In the records that follow, the lines from the one containing "rewrite !mxE raddf_sum complex_ImM" to the one containing "the rest of", inclusive, are to be given again exactly.

======

Lemma rdot_eq0 n (u : 'rV[R]_n) : (rdot u u == 0) = (u == 0).
Proof.
apply/idP/eqP => [|->]; last by rewrite rdot0l.
rewrite rdotE psumr_eq0 => [/allP u0|i _]; last by rewrite -expr2 sqr_ge0.
apply/rowP => i; rewrite mxE; apply/eqP.
by have := u0 i (mem_index_enum _); rewrite mulf_eq0 orbb.
Qed.

Lemma rdot_gt0 n (u : 'rV[R]_n) : (0 < rdot u u) = (u != 0).
Proof. by rewrite lt_def rdot_eq0 rdot_ge0 andbT. Qed.

Lemma sub_kermx_tr_eq0 m n (A : 'M[R]_(m, n)) (v : 'rV[R]_n) :
  (v <= A)%MS -> (v <= kermx A^T)%MS -> v = 0.
Proof.
move=> /submxP[D ->]; rewrite sub_kermx => /eqP DA.
by apply/eqP; rewrite -rdot_eq0 /rdot trmx_mul mulmxA DA mul0mx mxE.
Qed.

End RowDot.

Lemma complex_ReM (R : rcfType) (x y : R[i]) :
  complex.Re (x * y) = complex.Re x * complex.Re y - complex.Im x * complex.Im y.
Proof. by case: x => a b; case: y => c d; simpc. Qed.

Lemma complex_ImM (R : rcfType) (x y : R[i]) :
  complex.Im (x * y) = complex.Re x * complex.Im y + complex.Im x * complex.Re y.
Proof. by case: x => a b; case: y => c d; simpc. Qed.

Section SymmetricEigen.
Variables (R : realType) (n : nat) (B : 'M[R]_n).
Hypothesis Bsym : B^T = B.

Lemma rdot_symmetric (u v : 'rV[R]_n) : rdot (u *m B) v = rdot u (v *m B).
Proof. by rewrite rdot_mulmx Bsym. Qed.

Lemma stablemx_kermx_eigenspace lam : stablemx (kermx (eigenspace B lam)^T) B.
Proof.
set E := eigenspace B lam.
have /eigenspaceP EB := submx_refl E.
have BE : B *m E^T = lam *: E^T by rewrite -[B]Bsym -trmx_mul EB linearZ.
by rewrite sub_kermx -mulmxA BE -scalemxAr mulmx_ker scaler0.
Qed.

(* The real and imaginary parts [a], [b] of a complex eigenvector of [B] for
   [x + i w] satisfy [a B = x a - w b] and [b B = x b + w a]; symmetry of [B]
   then forces [w (|a|^2 + |b|^2) = 0]. *)
Lemma symmetric_stable_eigenvector m (W : 'M[R]_(m, n)) :
  stablemx W B -> W != 0 ->
  exists v : 'rV_n, exists lam : R, [/\ (v <= W)%MS, v != 0 & v *m B = lam *: v].
Proof.
move=> WB W0; pose V := row_base W; pose M := restrictmx W B.
have rkW : (0 < \rank W)%N by rewrite lt0n mxrank_eq0.
have MV : M *m V = V *m B by rewrite mulmxKpV // (eqmx_stable _ (eq_row_base W)).
have [z /eigenvalueP [y yM y0]] := eigenvalue_closed (map_mx (real_complex R) M) rkW.
pose x := complex.Re z; pose w := complex.Im z.
pose yr := map_mx (@complex.Re R) y; pose yi := map_mx (@complex.Im R) y.
have yrM : yr *m M = x *: yr - w *: yi.
  apply/rowP => j; have /(congr1 (fun A : 'rV_(\rank W) => complex.Re (A 0 j))) := yM.
  rewrite !mxE raddf_sum complex_ReM => <-; apply: eq_bigr => k _.
  by rewrite !mxE /= complex_ReM /= mulr0 subr0.
have yiM : yi *m M = x *: yi + w *: yr.
  apply/rowP => j; have /(congr1 (fun A : 'rV_(\rank W) => complex.Im (A 0 j))) := yM.
  rewrite !mxE raddf_sum complex_ImM => <-; apply: eq_bigr => k _.
  by rewrite !mxE /= complex_ImM /= mulr0 add0r.
pose a := yr *m V; pose b := yi *m V.
have aB : a *m B = x *: a - w *: b by rewrite -mulmxA -MV mulmxA yrM mulmxBl !scalemxAl.
have bB : b *m B = x *: b + w *: a by rewrite -mulmxA -MV mulmxA yiM mulmxDl !scalemxAl.
have ab0 : (a != 0) || (b != 0).
  rewrite !mulmx_free_eq0 ?row_base_free //; apply: contraR y0.
  rewrite negb_or !negbK => /andP[/eqP yr0 /eqP yi0]; apply/eqP/rowP => j.
  have /rowP/(_ j) := yr0; have /rowP/(_ j) := yi0; rewrite !mxE.
  by case: (y 0 j) => p q /= -> ->.
have ab_gt0 : 0 < rdot a a + rdot b b.
  case/orP: ab0; rewrite -rdot_gt0 => ?.
    by rewrite ltr_pwDl ?rdot_ge0.
  by rewrite ltr_wpDl ?rdot_ge0.
have w0 : w = 0.
  have := rdot_symmetric a b.
  rewrite aB bB rdotDl rdotNl rdotDr !rdotZl !rdotZr => sym_ab.
  have : w * (rdot a a + rdot b b) = 0 by rewrite mulrDr; lra.
  by move/eqP; rewrite mulf_eq0 (gt_eqF ab_gt0) orbF => /eqP.
move: aB bB; rewrite w0 !scale0r subr0 addr0 => aB bB.
have VW : (V <= W)%MS by rewrite eq_row_base.
case/orP: ab0 => ?; [exists a, x | exists b, x]; split => //; exact: mulmx_sub.
Qed.

(* Induction on the rank of [W]: split off an eigenvector [v] of [B] in [W];
   the rest of [W] orthogonal to [v] is again [B]-stable. *)
Lemma stable_rayleigh_le (mu : R) m (W : 'M[R]_(m, n)) :
  stablemx W B ->
  (forall (v : 'rV_n) lam, (v <= W)%MS -> v != 0 -> v *m B = lam *: v -> lam <= mu) ->
  forall x, (x <= W)%MS -> rdot (x *m B) x <= mu * rdot x x.
Proof.
have [k] := ubnP (\rank W); elim: k m W => // k IH m W rkW WB Wmu x xW.
have [W0|W0] := eqVneq W 0.
  by move: xW; rewrite W0 => /submx0null ->; rewrite mul0mx !rdot0l mulr0.
have [v [lam [vW v0 vB]]] := symmetric_stable_eigenvector WB W0.
have vv : 0 < rdot v v by rewrite rdot_gt0.
pose W' := (W :&: kermx v^T)%MS.
have W'W : (W' <= W)%MS := capmxSl _ _.
have W'v u : (u <= W')%MS -> rdot u v = 0.
  by move/submx_trans/(_ (capmxSr _ _)); rewrite sub_kermx_rdot => /eqP.
have rkW' : (\rank W' < k)%N.
  rewrite -ltnS (leq_trans _ rkW) // ltnS; apply: rank_ltmx; rewrite ltmxE W'W /=.
  by apply: contraL vv => /(submx_trans vW)/W'v ->; rewrite ltxx.
have W'B : stablemx W' B.
  rewrite sub_capmx (submx_trans (submxMr _ W'W) WB) sub_kermx /=.
  rewrite -mulmxA -{1}Bsym -trmx_mul vB linearZ /= -scalemxAr.
  by have := capmxSr W (kermx v^T); rewrite sub_kermx => /eqP ->; rewrite scaler0.
have [al [x' [x'W' ->]]] : exists al x', (x' <= W')%MS /\ x = x' + al *: v.
  exists (rdot x v / rdot v v), (x - (rdot x v / rdot v v) *: v).
  rewrite subrK sub_capmx addmx_sub ?eqmx_opp ?scalemx_sub //= sub_kermx_rdot.
  by rewrite rdotDl rdotNl rdotZl mulfVK ?subrr // gt_eqF.
have x'B := IH _ _ rkW' W'B (fun u lam' uW' => Wmu u lam' (submx_trans uW' W'W)) _ x'W'.
have lam_mu : lam <= mu := Wmu _ _ vW v0 vB.
have x'v := W'v _ x'W'.
have x'Bv : rdot (x' *m B) v = 0 by rewrite rdot_symmetric vB rdotZr x'v mulr0.
rewrite mulmxDl -scalemxAl vB !rdotDl !rdotDr !rdotZl !rdotZr x'Bv (rdotC v x') x'v.
have : 0 <= al ^+ 2 * rdot v v by rewrite mulr_ge0 ?sqr_ge0 ?rdot_ge0.
nra.
Qed.

End SymmetricEigen.

Local Open Scope classical_set_scope.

======

(Expected answer)
  rewrite !mxE raddf_sum complex_ImM => <-; apply: eq_bigr => k _.
  by rewrite !mxE /= complex_ImM /= mulr0 add0r.
pose a := yr *m V; pose b := yi *m V.
have aB : a *m B = x *: a - w *: b by rewrite -mulmxA -MV mulmxA yrM mulmxBl !scalemxAl.
have bB : b *m B = x *: b + w *: a by rewrite -mulmxA -MV mulmxA yiM mulmxDl !scalemxAl.
have ab0 : (a != 0) || (b != 0).
  rewrite !mulmx_free_eq0 ?row_base_free //; apply: contraR y0.
  rewrite negb_or !negbK => /andP[/eqP yr0 /eqP yi0]; apply/eqP/rowP => j.
  have /rowP/(_ j) := yr0; have /rowP/(_ j) := yi0; rewrite !mxE.
  by case: (y 0 j) => p q /= -> ->.
have ab_gt0 : 0 < rdot a a + rdot b b.
  case/orP: ab0; rewrite -rdot_gt0 => ?.
    by rewrite ltr_pwDl ?rdot_ge0.
  by rewrite ltr_wpDl ?rdot_ge0.
have w0 : w = 0.
  have := rdot_symmetric a b.
  rewrite aB bB rdotDl rdotNl rdotDr !rdotZl !rdotZr => sym_ab.
  have : w * (rdot a a + rdot b b) = 0 by rewrite mulrDr; lra.
  by move/eqP; rewrite mulf_eq0 (gt_eqF ab_gt0) orbF => /eqP.
move: aB bB; rewrite w0 !scale0r subr0 addr0 => aB bB.
have VW : (V <= W)%MS by rewrite eq_row_base.
case/orP: ab0 => ?; [exists a, x | exists b, x]; split => //; exact: mulmx_sub.
Qed.

(* Induction on the rank of [W]: split off an eigenvector [v] of [B] in [W];
   the rest of [W] orthogonal to [v] is again [B]-stable. *)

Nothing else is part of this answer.